Here, by the way some of pit encountered in the process, mainly to limit docker / k8s environment, some yet to be resolved. Later have the opportunity to specifically talk about it.

  • jstat Since Java process is 0, the process can not be specified.
  • OOM crash dump seems good collection.
  • VisualVM bad connection.

How to avoid problems GC

Question: Where is the problem?

The problem of GC is actually quite obvious: Due to the special nature of the business, we hold several large map object in memory, there is no doubt they will enter the old era. However, these objects and not immortal! Every so often, because the data needs to be updated, and there will be some new map objects are created out of the old map object loses references need to be recovered off the GC. Due to substantial increase in old's memory, we had to Major GC, and one-time to free up a lot of memory, especially this time is difficult to down low.

Since the problem lies in the large map object, that is naturally Solutions: Avoid using large map objects, or more precisely - do not put so much data into the heap memory.

Data is not placed in the heap, stack it or place outside (direct-memory process), or put out of process.

Of-process program is obviously a variety of databases; programs in the process? There are processes in the database (such as Berkeley DB) and the outer heap cache two kinds. The database is too heavy for me and, in fact, features a map of just what I want. So we decided to further research reactor outside the cache.

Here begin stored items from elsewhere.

Lemma moran_preimage_unique (w' w1 w2 : W N) (j : 'I_m.+1) (u v1 v2 : 'I_N) :
    (u, v1) \in moran_pairs w1 w' -> (u, v2) \in moran_pairs w2 w' ->
    par w1 (inl u) = Some j -> par w2 (inl u) = Some j ->
    moran_node v1 j (sibling w1 (inl u)) = moran_node v2 j (sibling w2 (inl u)) ->
  w1 = w2 /\ v1 = v2.
Proof.
move=> /moran_pairsP [uv1 T1] /moran_pairsP [uv2 T2] j1 j2 E.
have v12 : v1 = v2.
  have := T1 (inl v1); rewrite (moran_rawE v1 j1) eqxx orbT -T2 (moran_rawE v2 j2).
  case: ifP => [/orP [] /eqP // vu|_ /esym /reparent_lt]; last by rewrite ltnn.
  by rewrite vu eqxx in uv1.
subst v2; split => //.
have Es : sibling w1 (inl u) = sibling w2 (inl u).
  by apply: (moran_node_inj _ _ E); rewrite inE sibling_neq_p.
apply: parn_inj => x; rewrite (moran_rawK v1 j1) (moran_rawK v1 j2) Es.
by rewrite /unmoran !T1 !T2.
Qed.

Lemma moran_sibling_lineage (w w' : W N) (j : 'I_m.+1) (u v : 'I_N) :
    (u, v) \in moran_pairs w w' -> par w (inl u) = Some j ->
  moran_node v j (sibling w (inl u)) \in lineages w' j.
Proof.
move=> /moran_pairsP [_ T] uj; have [su sj _] := sibling_uP uj.
rewrite inE -T moran_raw_node ?sibling_neq_p // sj reparent_p.
apply/andP; split; first by case E: (parn w (inr j)) => [r|] //; exact: parn_lt E.
case: (sibling w (inl u)) sj => [l|k] /= kj; first by case: eqP => //= _; rewrite -ltnS.
move: (parn_lt kj) (ltn_ord k) => /= jk ltk; rewrite inordK /shift_rank; case: ifP; lia.
Qed.

Lemma card_leaf_children (w : W N) (q : 'I_m.+1) :
  #|[set l | parn w (inl l) == Some (q : nat)]| <= 2.
Proof.
have inl_inj : injective (@inl 'I_N 'I_m.+1) by move=> a b [].
rewrite -(card_children w q) -(card_imset _ inl_inj).
by apply: subset_leq_card; apply/subsetP => x /imsetP [l]; rewrite inE => lq ->.
Qed.

(* An event of the fiber is determined by u, a leaf child of the last internal
   node of w', and by the lineage of w' now occupied by the sibling of u. *)
Lemma card_moran_fiber (w' : W N) (j : 'I_m.+1) :
  \sum_w #|moran_pairs_at w w' j| <= 2 * j.+1.
Proof.
rewrite sum_card_pairs; set F := [set e | _].
pose phi (e : W N * ('I_N * 'I_N)) := (e.2.1, moran_node e.2.2 j (sibling e.1 (inl e.2.1))).
have inF e : e \in F -> (e.2.1, e.2.2) \in moran_pairs e.1 w' /\ par e.1 (inl e.2.1) = Some j.
  by case: e => w [u v]; rewrite !inE /= => /andP [-> /eqP].
have phi_inj : {in F &, injective phi}.
  move=> [w1 [u1 v1]] [w2 [u2 v2]] /inF [/= T1 j1] /inF [/= T2 j2] [/= u12].
  subst u2 => /(moran_preimage_unique T1 T2 j1 j2) [-> ->] //.
have phiF : phi @: F \subset setX [set l | parn w' (inl l) == Some m] (lineages w' j).
  apply/subsetP => _ /imsetP [[w [u v]] /inF [/= T uj] ->].
  rewrite in_setX /= (moran_sibling_lineage T uj) andbT inE.
  by case/moran_pairsP: T => _ <-; rewrite (moran_rawE v uj) eqxx.
rewrite -(card_in_imset phi_inj); apply: leq_trans (subset_leq_card phiF) _.
by rewrite cardsX leq_mul // ?card_lineages // (card_leaf_children w' ord_max).
Qed.

Lemma card_partition_parent (w : W N) (S : {set 'I_N * 'I_N}) :
  #|S| = \sum_(j : 'I_m.+1) #|[set uv in S | par w (inl uv.1) == Some j]|.
Proof.
rewrite -sum_mem_card; under [RHS]eq_bigr do rewrite -sum_mem_card.
rewrite exchange_big; apply: eq_bigr => uv _ /=; have [p up] := leaf_par w uv.1.
rewrite (bigD1 p) //= !inE up eqxx andbT big1 ?addn0 // => q qp.
by rewrite inE up; case: (uv \in S) => //=; case: eqP => // -[pq]; rewrite pq eqxx in qp.
Qed.

Lemma sum_moran_pairs (w : W N) (Q : pred ('I_N * 'I_N)) :
  \sum_w' #|[set uv in moran_pairs w w' | Q uv]| = #|[set uv | (uv.1 != uv.2) && Q uv]|.
Proof.
under eq_bigr do rewrite -sum_mem_card.
rewrite exchange_big -sum_mem_card; apply: eq_bigr => -[u v] _ /=; rewrite inE /=.
case: (eqVneq u v) => [<-|uv] /=.
  by rewrite big1 // => w' _; rewrite !inE /= eqxx.
case Quv: (Q (u, v)) => /=; last by rewrite big1 // => w' _; rewrite inE Quv andbF.
have [p up] := leaf_par w u; have [w0 T0] := moran_tree_exists up uv.
rewrite (bigD1 w0) //= big1 ?addn0 => [|w' w'0].
  by rewrite inE Quv andbT (introT (moran_pairsP _ _ _ _) (conj uv T0)).
rewrite inE Quv andbT; case: moran_pairsP => // -[_ T']; exfalso.
by move/eqP: w'0; apply; apply: parn_inj => y; rewrite -T' T0.
Qed.

Lemma card_offdiag (Q : pred 'I_N) :
  #|[set uv : 'I_N * 'I_N | (uv.1 != uv.2) && Q uv.1]| = #|Q| * m.+1.
Proof.
set X := [set uv | _]; rewrite -sum_mem_card.
have -> : \sum_uv (uv \in X : nat) = \sum_u \sum_v ((u, v) \in X : nat).
  by rewrite pair_bigA; apply: eq_bigr => -[].
rewrite -sum_mem_card big_distrl /=; apply: eq_bigr => u _.
under eq_bigr do rewrite inE /=.
have -> : (u \in Q) = Q u by [].
case: (Q u); last by rewrite mul0n big1 // => v _; rewrite andbF.
rewrite mul1n (eq_bigr (fun v => (v \in predC1 u) : nat)) => [|v _].
  by rewrite sum_mem_card cardC1 card_ord.
by rewrite andbT inE eq_sym.
Qed.

(* The bounds of [card_moran_fiber] add up, over j and w', to the total number
   |W| n (n - 1) of Moran events, so they are all attained. *)
Lemma sum_moran_pairs_at (w' : W N) (j : 'I_m.+1) :
  \sum_w #|moran_pairs_at w w' j| = 2 * j.+1.
Proof.
pose a w' j := \sum_w #|moran_pairs_at w w' j|.
have total : \sum_(t : W N) \sum_(i < m.+1) 2 * i.+1 = \sum_t \sum_i a t i.
  transitivity (\sum_(w : W N) \sum_(t : W N) #|moran_pairs w t|); last first.
    rewrite exchange_big; apply: eq_bigr => t _; rewrite /a exchange_big.
    by apply: eq_bigr => w _; apply: card_partition_parent.
  apply: eq_bigr => w _; rewrite sum_double_succ.
  have E t : moran_pairs w t = [set uv in moran_pairs w t | xpredT uv].
    by apply/setP => uv; rewrite inE andbT.
  under eq_bigr do rewrite E.
  by rewrite sum_moran_pairs (card_offdiag xpredT) cardT size_enum_ord mulnC.
have row t : \sum_i a t i = \sum_(i < m.+1) 2 * i.+1.
  apply: (eq_of_leq_sum _ (eq_leq total)) => {}t.
  by apply: leq_sum => i _; apply: card_moran_fiber.
exact: (eq_of_leq_sum (card_moran_fiber w') (eq_leq (esym (row w')))).
Qed.

End RankedTrees.

Import GRing.Theory Num.Theory.
Local Open Scope ring_scope.

Theorem proposition2 (n : nat) (hn : (2 <= n)%N) :
  (forall w w' : W n, Moran w w' = \sum_(j < n.-1) Moran_j j w w') /\
  (forall (j : 'I_n.-1) (w' : W n),
      \sum_(w : W n) Moran_j j w w' = (j.+1)%:R / ('C(n, 2))%:R) /\
  (forall (j : 'I_n.-1) (w : W n),
      \sum_(w' : W n) Moran_j j w w' = (B j w)%:R / n%:R).
Proof.
case: n hn => [|[|m]] // _.
have pairsE : (m.+2 * (m.+2 - 1) = 2 * 'C(m.+2, 2))%N by rewrite mul2_bin2 subn1.
split; [|split] => [w w'|j w'|j w]; rewrite /Moran /Moran_j -mulr_suml -natr_sum.
- by rewrite (card_partition_parent w).
- by rewrite (sum_moran_pairs_at w' j) pairsE !natrM -mulf_div divff ?mul1r.
- rewrite (sum_moran_pairs w (fun uv => par w (inl uv.1) == Some j)).
  rewrite (card_offdiag (fun u => par w (inl u) == Some j)) subn1 /B !natrM.
  rewrite -mulf_div divff ?mulr1 ?pnatr_eq0 //.
  by congr (_%:R / _); apply: eq_card => x; rewrite inE.
Qed.
Definition rvec n (X : T -> 'rV[R]_n) : Prop :=
  forall j : 'I_n, measurable_fun setT (fun w => X w ord0 j).

Definition filtr n (x : nat -> T -> 'rV[R]_n) (k : nat) : set (set T) :=
  <<s [set A | exists (l : nat) (j : 'I_n) (B : set R),
                 [/\ (1 <= l <= k)%N, measurable B &
                     A = (fun w => x l w ord0 j) @^-1` B]] >>.

Definition past_sigma n m (x : nat -> T -> 'rV[R]_n) (i : nat -> T -> 'I_m)
    (k : nat) : set (set T) :=
  <<s [set A | (exists (j : 'I_n) (B : set R),
                  measurable B /\ A = (fun w => x 1%N w ord0 j) @^-1` B)
            \/ (exists (l : nat) (c : 'I_m),
                  (1 <= l < k)%N /\ A = i l @^-1` [set c])] >>.

Definition cond_exp_version (P : probability T R) (F : set (set T))
    (X Z : T -> R) : Prop :=
  [/\ (forall B : set R, measurable B -> F (Z @^-1` B)),
      P.-integrable setT (fun w => (Z w)%:E) &
      forall A, F A ->
        (\int[P]_(w in A) (Z w)%:E = \int[P]_(w in A) (X w)%:E)%E].

End Defs.

(* Conditionally on F_k, the index i_k is uniform and independent of x_k, so
   E[|x_(k+1) - y|^2 | F_k] is the average over the m constraints of the squared
   distance to y after one deterministic penalty step from x_k.  For a single
   constraint, expanding the square leaves |x_k - y|^2 - 2 s <g, x_k - y>, the
   term -2 s gamma <grad h_delta, x_k - y> and s^2 |g + gamma grad h_delta|^2;
   the smoothed penalty has a gradient of norm at most 1 whose inner product with
   x_k - y is at least dist(x_k, X_i) - delta / (4 |a_i|).  After averaging, the
   Hoffman bound turns the mean distance to the half-spaces into
   dist(x_k, X) / (m beta), and strong convexity, applied at x_k towards y and
   at Pi_X x_k towards x_k (with the subgradient bound M), supplies the
   function values, split with weights 1 - eta and eta.
   The conditional expectation is identified through its integrals over F_k,
   which only involve sigma(x_1, i_1, ..., i_(k-1)), independent of i_k. *)

From HB Require Import structures.
From mathcomp Require Import all_boot all_order all_algebra.
From mathcomp Require Import all_classical all_reals all_analysis.
From mathcomp Require Import measurable_realfun ring lra.
Import Order.TTheory GRing.Theory Num.Theory.
Local Open Scope classical_set_scope.
Local Open Scope ring_scope.
Set Implicit Arguments. Unset Strict Implicit. Unset Printing Implicit Defensive.

Section Euclid.
Variables (R : realType) (n : nat).
Implicit Types (u v w : 'rV[R]_n) (c : R).

Lemma dotvC u v : dotv u v = dotv v u.
Proof. by apply: eq_bigr => j _; rewrite mulrC. Qed.

Lemma dotvDl u v w : dotv (u + v) w = dotv u w + dotv v w.
Proof. by rewrite /dotv -big_split; apply: eq_bigr => j _; rewrite !mxE mulrDl. Qed.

Another: About Java caching scheme will not repeat them here, citing "Tao school with open architecture" of a cache:

Java cache type

  • A heap buffer: Using java heap memory to store objects, the benefits are not required serialization / de-serialization, fast, disadvantage is subject to GC affected. You can use Guava Cache, Ehcache 3.x, MapDB achieve.
  • Outer heap buffer: cache data stored in the external reactor, breaking the shackles of the JVM, the read data requires serialized / deserialized, the stack cache is much slower compared. You can use Ehcache 3.x, MapDB achieve.
  • Disk cache: In the JVM restart when the data is still, and heap buffer / heap outside the cached data will be lost and need to be reloaded. You can use Ehcache 3.x, MapDB achieve.
  • Distributed cache: nothing to say, Redis ...

Heap external cache

Paste it directly to two articles:

Briefly summarize:

  1. A heap buffer within the huge amount of data in the GC can cause performance problems. Stack cache outer solvable.
  2. The principle heap outside the cache is Unsafelike direct manipulation process memory, you will need to control their own garbage collection, as well as serialization between Java objects and / deserialized, because only know to heap outside bytes, do not know Java objects.
  3. So useful and easy to implement functions would be best to resort to the frame. Support framework has mapdb, ohc, ehcache3 and so on. ehcache3 fees, ohc the fastest.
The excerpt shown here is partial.